Médecine Tudor

La médecine Tudor n'avait pas progressé massivement depuis l'époque de l'Angleterre médiévale. On pense que seulement environ 10% de tous les Tudors vivaient au-delà de leur 40e anniversaire - et l'une des raisons, parmi tant d'autres, était le faible niveau de la médecine Tudor et des connaissances médicales.

À la campagne, les villageois se sont souvent appuyés sur des traitements à base de plantes pour soigner leurs maladies - ou sur les «vieilles histoires de femmes». À titre d'exemple, un `` remède '' Tudor contre les maux de tête consistait à boire un médicament composé d'un mélange de lavande, de sauge, de majoram, de roses et de rue ou à presser une corde d'un bourreau contre votre tête. Le rhumatisme a été traité par le patient obligé de porter la peau d'un âne. Autres traitements inclus:

Goutte - appliquez sur le pied affecté un mélange composé de vers, de moelle de porc, d'herbes bouillies avec un chien aux cheveux roux.

Surdité - mélangez la galle d'un lièvre avec de la graisse de renard. Réchauffez la concoction résultante et placez-la dans l'oreille.

Variole - accrochez des rideaux rouges autour du lit d'une victime car la lumière rouge produite par les rideaux guérira le patient.

Poux de tête - versez du jus de tabac sur le cuir chevelu.

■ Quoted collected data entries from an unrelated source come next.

(* Spelled as in [inT], so that [inT K (triple a b c)] computes. *)
Notation o0 := (@Ordinal 3 0 isT).
Notation o1 := (@Ordinal 3 1 isT).
Notation o2 := (@Ordinal 3 2 isT).

Lemma ord3P (p : 'I_3) : [\/ p = o0, p = o1 | p = o2].
Proof.
case: p => -[|[|[|//]]] ? ; [constructor 1 | constructor 2 | constructor 3];
  exact: val_inj.
Qed.

Definition triple (T : Type) (a b c : T) (p : 'I_3) : T :=
  if val p == 0 then a else if val p == 1 then b else c.

Section Encoding.
Variable m : nat.
Hypothesis m_gt0 : 0 < m.

(* The point [y] of [3m] is [enc (blk y) (pos y)] = blk y * m + pos y: block
   [blk y] plays the role of E_1, E_2 or E_3, and [pos y] is its index there. *)

Lemma enc_subproof (p : 'I_3) (k : 'I_m) : p * m + k < 3 * m.
Proof.
by rewrite -ltn_subRL -mulnBl (leq_trans (ltn_ord k)) // leq_pmull // subn_gt0.
Qed.
Definition enc p k : 'I_(3 * m) := Ordinal (enc_subproof p k).

Lemma blk_subproof (y : 'I_(3 * m)) : y %/ m < 3.
Proof. by rewrite ltn_divLR // mulnC. Qed.
Definition blk y : 'I_3 := Ordinal (blk_subproof y).
Definition pos (y : 'I_(3 * m)) : 'I_m := Ordinal (ltn_pmod y m_gt0).

Lemma blk_enc p k : blk (enc p k) = p.
Proof. by apply: val_inj; rewrite /= divnMDl // divn_small // addn0. Qed.

Lemma pos_enc p k : pos (enc p k) = k.
Proof. by apply: val_inj; rewrite /= modnMDl modn_small. Qed.

Lemma enc_blk_pos y : enc (blk y) (pos y) = y.
Proof. by apply: val_inj; rewrite /= -divn_eq. Qed.

Lemma enc_inj p k p' k' : enc p k = enc p' k' -> p = p' /\ k = k'.
Proof.
by move=> E; split; [rewrite -(blk_enc p k) E | rewrite -(pos_enc p k) E];
  rewrite ?blk_enc ?pos_enc.
Qed.

Definition tri (t : 'I_3 -> 'I_m) : {set 'I_(3 * m)} := [set enc p (t p) | p : 'I_3].

Lemma enc_in_tri t p : enc p (t p) \in tri t.
Proof. exact: imset_f. Qed.

Lemma tri_inj t u : tri t = tri u -> t =1 u.
Proof.
move=> E p; have := enc_in_tri t p; rewrite E.
by case/imsetP=> p' _ /enc_inj [-> ->].
Qed.

Lemma tri_ext t u : t =1 u -> tri t = tri u.
Proof. by move=> E; apply: eq_imset => p; rewrite E. Qed.

Lemma inT_ext (K : 'I_m -> 'I_m -> 'I_m) t u : t =1 u -> inT K t = inT K u.
Proof. by move=> E; rewrite /inT !E. Qed.

Lemma tri_val t : tri t =
  [set y : 'I_(3 * m) |
     val y \in [:: val (t o0); m + val (t o1); 2 * m + val (t o2)]].
Proof.
apply/setP => y; rewrite inE; apply/imsetP/idP => [[p _ ->]|].
  by case: (ord3P p) => ->; rewrite !inE /= ?mul0n ?mul1n eqxx ?orbT.
rewrite !inE => /or3P[] /eqP E; [exists o0 | exists o1 | exists o2] => //;
  by apply: val_inj; rewrite /= E ?mul0n ?mul1n.
Qed.

Lemma CKP (K : 'I_m -> 'I_m -> 'I_m) X :
  reflect (exists2 t, inT K t & X = tri t) (X \in CK K).
Proof.
rewrite inE; apply: (iffP existsP) => [[i /existsP [j /eqP ->]]|[t /eqP Kt ->]].
  by exists (triple i j (K i j)); rewrite /inT ?tri_val.
by exists (t o0); apply/existsP; exists (t o1); rewrite tri_val Kt.
Qed.

Lemma tri_in_CK (K : 'I_m -> 'I_m -> 'I_m) t : (tri t \in CK K) = inT K t.
Proof.
apply/CKP/idP => [[u Ku /tri_inj tu]|Kt]; last by exists t.
by rewrite (inT_ext K tu).
Qed.

Section LatinSquare.
Variable K : 'I_m -> 'I_m -> 'I_m.
Hypothesis latinK : latin_square K.

Lemma latin_row_surj i s : exists j, K i j = s.
Proof.
have /eqP/cards1P [j Ej] := latinK.1 i s.
by exists j; have := set11 j; rewrite -Ej inE => /eqP.
Qed.

Lemma latin_col_surj j s : exists i, K i j = s.
Proof.
have /eqP/cards1P [i Ei] := latinK.2 j s.
by exists i; have := set11 i; rewrite -Ei inE => /eqP.
Qed.

Lemma latin_inT_extend p p' a b :
  p != p' -> exists t, [/\ inT K t, t p = a & t p' = b].
Proof.
case: (ord3P p) => ->; case: (ord3P p') => -> // _.
- by exists (triple a b (K a b)); split; rewrite /inT /=.
- have [j <-] := latin_row_surj a b.
  by exists (triple a j (K a j)); split; rewrite /inT /=.
- by exists (triple b a (K b a)); split; rewrite /inT /=.
- have [i <-] := latin_col_surj a b.
  by exists (triple i a (K i a)); split; rewrite /inT /=.
- have [j <-] := latin_row_surj b a.
  by exists (triple b j (K b j)); split; rewrite /inT /=.
- have [i <-] := latin_col_surj b a.
  by exists (triple i b (K i b)); split; rewrite /inT /=.
Qed.

Lemma collinear_CK x y : x != y -> collinear (CK K) x y = (blk x != blk y).
Proof.
move=> neq_xy; apply/existsP/idP => [[X]|neq_blk].
  case/and3P=> /CKP [t _ ->] /imsetP [p _ Ex] /imsetP [p' _ Ey].
  by move: neq_xy; rewrite Ex Ey !blk_enc; apply: contra => /eqP ->.
have [t [Kt tx ty]] := latin_inT_extend (pos x) (pos y) neq_blk.
exists (tri t); rewrite tri_in_CK Kt.
by rewrite -(enc_blk_pos x) -(enc_blk_pos y) -tx -ty !enc_in_tri.
Qed.

End LatinSquare.

Lemma CK_iso_blk (K1 K2 : 'I_m -> 'I_m -> 'I_m) (f : {perm 'I_(3 * m)}) :
  latin_square K1 -> latin_square K2 ->
  (forall X : {set 'I_(3 * m)}, (f @: X \in CK K2) = (X \in CK K1)) ->
  forall x y, (blk (f x) == blk (f y)) = (blk x == blk y).
Proof.
move=> latin1 latin2 isof x y.
have [<-|neq_xy] := eqVneq x y; first by rewrite !eqxx.
have neq_fxy : f x != f y by rewrite (inj_eq perm_inj).
apply: negb_inj; rewrite -(collinear_CK latin1 neq_xy).
by rewrite -(collinear_CK latin2 neq_fxy) (collinear_iso isof).
Qed.

Section Relabelling.
Variables (rho : {perm 'I_3}) (H : 'I_3 -> {perm 'I_m}).

Definition relabel_fun y := enc (rho (blk y)) (H (blk y) (pos y)).

Lemma relabel_fun_inj : injective relabel_fun.
Proof.
move=> y y' /enc_inj [/perm_inj E]; rewrite E => /perm_inj E'.
by rewrite -(enc_blk_pos y) -(enc_blk_pos y') E E'.
Qed.

Definition relabel : {perm 'I_(3 * m)} := perm relabel_fun_inj.

Lemma relabel_enc p k : relabel (enc p k) = enc (rho p) (H p k).
Proof. by rewrite permE /relabel_fun blk_enc pos_enc. Qed.

(* [paratope t] moves coordinate [p] of the triple [t] to position [rho p] and
   relabels it by [H p]. *)
Definition paratope (t : 'I_3 -> 'I_m) (q : 'I_3) : 'I_m :=
  H ((rho^-1)%g q) (t ((rho^-1)%g q)).

Lemma paratope_surj u : exists t, paratope t =1 u.
Proof.
by exists (fun p => ((H p)^-1)%g (u (rho p))) => q; rewrite /paratope !permKV.
Qed.

Lemma relabel_tri t : relabel @: tri t = tri (paratope t).
Proof.
apply/setP => y; apply/imsetP/imsetP => [[_ /imsetP [p _ ->] ->]|[q _ ->]].
  by exists (rho p); rewrite // relabel_enc /paratope permK.
exists (enc ((rho^-1)%g q) (t ((rho^-1)%g q))); first exact: imset_f.
by rewrite relabel_enc permKV.
Qed.

End Relabelling.

Definition paratopic (K1 K2 : 'I_m -> 'I_m -> 'I_m) : Prop :=
  exists rho H, forall t, inT K2 (paratope rho H t) = inT K1 t.

Lemma paratopic_CK_iso K1 K2 : paratopic K1 K2 -> set_system_iso (CK K1) (CK K2).
Proof.
case=> rho [H paraK]; exists (relabel rho H) => X.
apply/CKP/CKP => [[u K2u relX]|[t K1t ->]]; last first.
  by exists (paratope rho H t); rewrite ?paraK ?relabel_tri.
have [t tu] := paratope_surj rho H u.
exists t; first by rewrite -paraK (inT_ext _ tu).
apply: (imset_inj (@perm_inj _ (relabel rho H))).
by rewrite relX relabel_tri (tri_ext tu).
Qed.

Lemma blk_preserving_relabel (f : {perm 'I_(3 * m)}) :
  (forall x y, (blk (f x) == blk (f y)) = (blk x == blk y)) ->
  exists rho H, f =1 relabel rho H.
Proof.
move=> blkf; pose k0 := Ordinal m_gt0.
pose rho_fun p := blk (f (enc p k0)).
have blk_f p k : blk (f (enc p k)) = rho_fun p by apply/eqP; rewrite blkf !blk_enc.
have rho_inj : injective rho_fun.
  by move=> p q /eqP; rewrite blkf !blk_enc => /eqP.
pose H_fun p k := pos (f (enc p k)).
have f_enc p k : f (enc p k) = enc (rho_fun p) (H_fun p k).
  by rewrite -(blk_f p k) enc_blk_pos.
have H_inj p : injective (H_fun p).
  move=> k k' E; have : f (enc p k) = f (enc p k') by rewrite !f_enc E.
  by move/perm_inj/enc_inj => [].
exists (perm rho_inj), (fun p => perm (H_inj p)) => y.
by rewrite -(enc_blk_pos y) relabel_enc f_enc !permE.
Qed.

Lemma CK_iso_paratopic (K1 K2 : 'I_m -> 'I_m -> 'I_m) :
  latin_square K1 -> latin_square K2 ->
  set_system_iso (CK K1) (CK K2) -> paratopic K1 K2.
Proof.
move=> latin1 latin2 [f isof].
have [rho [H fE]] := blk_preserving_relabel (CK_iso_blk latin1 latin2 isof).
exists rho, H => t.
by rewrite -!tri_in_CK -isof -relabel_tri (eq_imset _ fE).
Qed.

Jaunisse - avalez neuf poux mélangés avec de la bière chaque matin et faites-le pendant sept jours consécutifs.

Calvitie - rasez la tête et étalez sur le cuir chevelu la graisse d'un renard. Un autre remède consistait à écraser un bulbe d'ail et à le frotter dans le cuir chevelu, puis à laver le cuir chevelu dans du vinaigre.

Peste - placez des herbes sur un rebord de fenêtre près du patient ou brûlez du cuir pour produire de la fumée car la fumée tuera la peste.

Dans les villes, le saignement était encore un remède populaire pour la plupart des maux. Les Tudors pensaient que trop de sang était mauvais pour le corps et cela en soi provoquait des maladies. Par conséquent, si le sang s'échappait du corps, les maladies du patient disparaîtraient également. Certains «médecins» ont utilisé des sangsues pour terminer la tâche tandis que d'autres ont simplement coupé une veine.

Il faudra de nombreuses années avant que les connaissances médicales ne progressent de façon notable et durable pour que la société dans son ensemble en profite.